Growth through a downturn

In their recent articleRev up your growth engine: Lessons from through-cycle outperformers,” two McKinsey partners report that roughly one in ten companies manages to outgrow its peers both during downturns and in the subsequent recovery. In a recent Inside the Strategy Room podcast, Rebecca Doherty, who leads McKinsey’s growth strategy practice globally, and Anna Koivuniemi, who heads up our growth analytics service line, explore what through-cycle outperformers do differently from everyone else. This is an edited transcript of the discussion. You can listen to the episode on Apple Podcasts, Spotify, or Google Podcasts.

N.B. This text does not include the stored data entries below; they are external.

(* Let $F\subset A^*$ be a recurrent set and let $X\subset F$ be an $F$-thin set. The following conditions are equivalent: (i) $X$ is an $F$-maximal bifix code; (ii) $X$ is a prefix code which is left $F$-complete; (ii') $X$ is a suffix code which is right $F$-complete; (iii) $X$ is both an $F$-maximal prefix code and an $F$-maximal suffix code.
   Context: $A$ is a finite alphabet, $A^*$ the free monoid, $1$ the empty word, $A^+=A^*\setminus\{1\}$. A set $F\subset A^*$ is factorial if it is nonempty and contains all factors of its elements; it is recurrent if it is factorial and for all $u,w\in F$ there is $v\in F$ with $uvw\in F$. A prefix code is a set $X\subset A^+$ in which no element is a proper prefix of another; a suffix code is defined symmetrically; a bifix code is both. For $X\subset F$: $X$ is an $F$-maximal prefix (resp. suffix, bifix) code if it is a prefix (resp. suffix, bifix) code not properly contained in any prefix (resp. suffix, bifix) code $Y\subset F$. $X$ is $F$-thin if some word of $F$ is not a factor of any word of $X$. $X$ is right $F$-complete if every word of $F$ is a prefix of a word of $X^*$, and left $F$-complete if every word of $F$ is a suffix of a word of $X^*$. *)

From mathcomp Require Import all_boot.
Set Implicit Arguments. Unset Strict Implicit. Unset Printing Implicit Defensive.

Section Words.
Variable A : finType.
Definition lang := seq A -> Prop.

Definition subset_lang (X Y : lang) : Prop := forall w, X w -> Y w.

Definition factor (u w : seq A) : Prop := exists p s, w = p ++ u ++ s.
Definition is_prefix (u w : seq A) : Prop := exists s, w = u ++ s.
Definition is_suffix (u w : seq A) : Prop := exists p, w = p ++ u.

Definition factorial (F : lang) : Prop :=
  (exists w, F w) /\ forall w u, F w -> factor u w -> F u.

Definition recurrent (F : lang) : Prop :=
  factorial F /\ forall u w, F u -> F w -> exists v, F v /\ F (u ++ v ++ w).

Definition prefix_code (X : lang) : Prop :=
  (forall x, X x -> x <> [::]) /\
  (forall x y, X x -> X y -> is_prefix x y -> x = y).
Definition suffix_code (X : lang) : Prop :=
  (forall x, X x -> x <> [::]) /\
  (forall x y, X x -> X y -> is_suffix x y -> x = y).
Definition bifix_code (X : lang) : Prop := prefix_code X /\ suffix_code X.

Definition F_maximal (code : lang -> Prop) (F X : lang) : Prop :=
  code X /\ subset_lang X F /\
  forall Y, code Y -> subset_lang Y F -> subset_lang X Y -> subset_lang Y X.

Definition F_maximal_prefix (F X : lang) := F_maximal prefix_code F X.
Definition F_maximal_suffix (F X : lang) := F_maximal suffix_code F X.
Definition F_maximal_bifix (F X : lang) := F_maximal bifix_code F X.

Definition F_thin (F X : lang) : Prop :=
  exists w, F w /\ forall x, X x -> ~ factor w x.

Definition star (X : lang) (w : seq A) : Prop :=
  exists l : seq (seq A), (forall x, x \in l -> X x) /\ w = flatten l.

Sean Brown: Rebecca, can you start by telling us how you define a through-cycle outperformer?

Rebecca Doherty: Companies don’t want growth for growth’s sake. They want value creation. We define growth outperformers as companies that grow faster and have higher profits than their peers. Those that outperform throughout an economic cycle generate three times the revenues during the downturn as others and have nine times higher profitability.

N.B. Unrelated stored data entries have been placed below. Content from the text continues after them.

(* Godsil-McKay switching: let [C] be a 4-clique of a graph such that every vertex outside [C]
   has 0, 2 or 4 neighbours in [C]; toggling the adjacencies between [C] and the outside vertices
   with exactly 2 neighbours in [C] yields a cospectral graph, because the involution [Q] that is
   [(1/2) J - I] on [C] and the identity elsewhere satisfies [A' Q = Q A].
   In SR(m,n), two distinct non-adjacent vertices with two adjacent common neighbours always have
   a third common neighbour, and this property is invariant under isomorphism. Switching with
   respect to the clique {n e_i} of SR(4,n), resp. {k e_0 + (3 - k) e_1} of SR(m,3), satisfies
   the condition and produces two non-adjacent vertices whose only common neighbours are two
   adjacent ones: n e_3 and e_1 + e_2 + (n - 2) e_3, resp. 3 e_0 and e_0 + e_2 + e_3. *)

From HB Require Import structures.
From mathcomp Require Import all_boot all_order all_algebra.
From mathcomp Require Import ring zify.
Set Implicit Arguments. Unset Strict Implicit. Unset Printing Implicit Defensive.
Import GRing.Theory Num.Theory.
Local Open Scope ring_scope.

Lemma char_poly_similar (F : fieldType) n (A B P : 'M[F]_n) :
  P \in unitmx -> A *m P = P *m B -> char_poly A = char_poly B.
Proof.
move=> P_unit AP_PB; set Px := map_mx polyC P.
have char_conj : char_poly_mx A *m Px = Px *m char_poly_mx B.
  by rewrite /char_poly_mx mulmxBl mulmxBr -!map_mxM AP_PB scalar_mxC.
have detPx_neq0 : \det Px != 0.
  by rewrite det_map_mx polyC_eq0 -unitfE -unitmxE.
move/(congr1 determinant): char_conj; rewrite !det_mulmx mulrC.
exact: mulfI.
Qed.

Lemma char_poly_map_inj (R S : comNzRingType) (f : {rmorphism R -> S}) n (A B : 'M[R]_n) :
  injective f -> char_poly (map_mx f A) = char_poly (map_mx f B) ->
  char_poly A = char_poly B.
Proof.
move=> f_inj; rewrite -!map_char_poly; apply: map_inj_poly => //; exact: rmorph0.
Qed.

Definition diamond_extensible (T : finType) (e : rel T) : Prop :=
  forall x y z1 z2, x != y -> ~~ e x y -> e x z1 -> e y z1 -> e x z2 -> e y z2 -> e z1 z2 ->
  exists w, [/\ e x w, e y w, w != z1 & w != z2].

Their growth starts during the downturn and that turbocharges their ability to outperform in the recovery. In the last economic cycle, companies that managed to do this drove value creation in the form of 5.3 percent excess total returns to shareholders (TRS)—five times higher than the average company in our sample (Exhibit 1). It’s worth noting that our research covers the 15 years between 2003 and 2017 but we looked at other time periods as well, and the findings are consistent.

Through-cycle outperformers achieved high excess total returns to shareholders during the 2007–09 downturn and recovery.

Sean Brown: Where do the companies you studied typically focus their growth initiatives?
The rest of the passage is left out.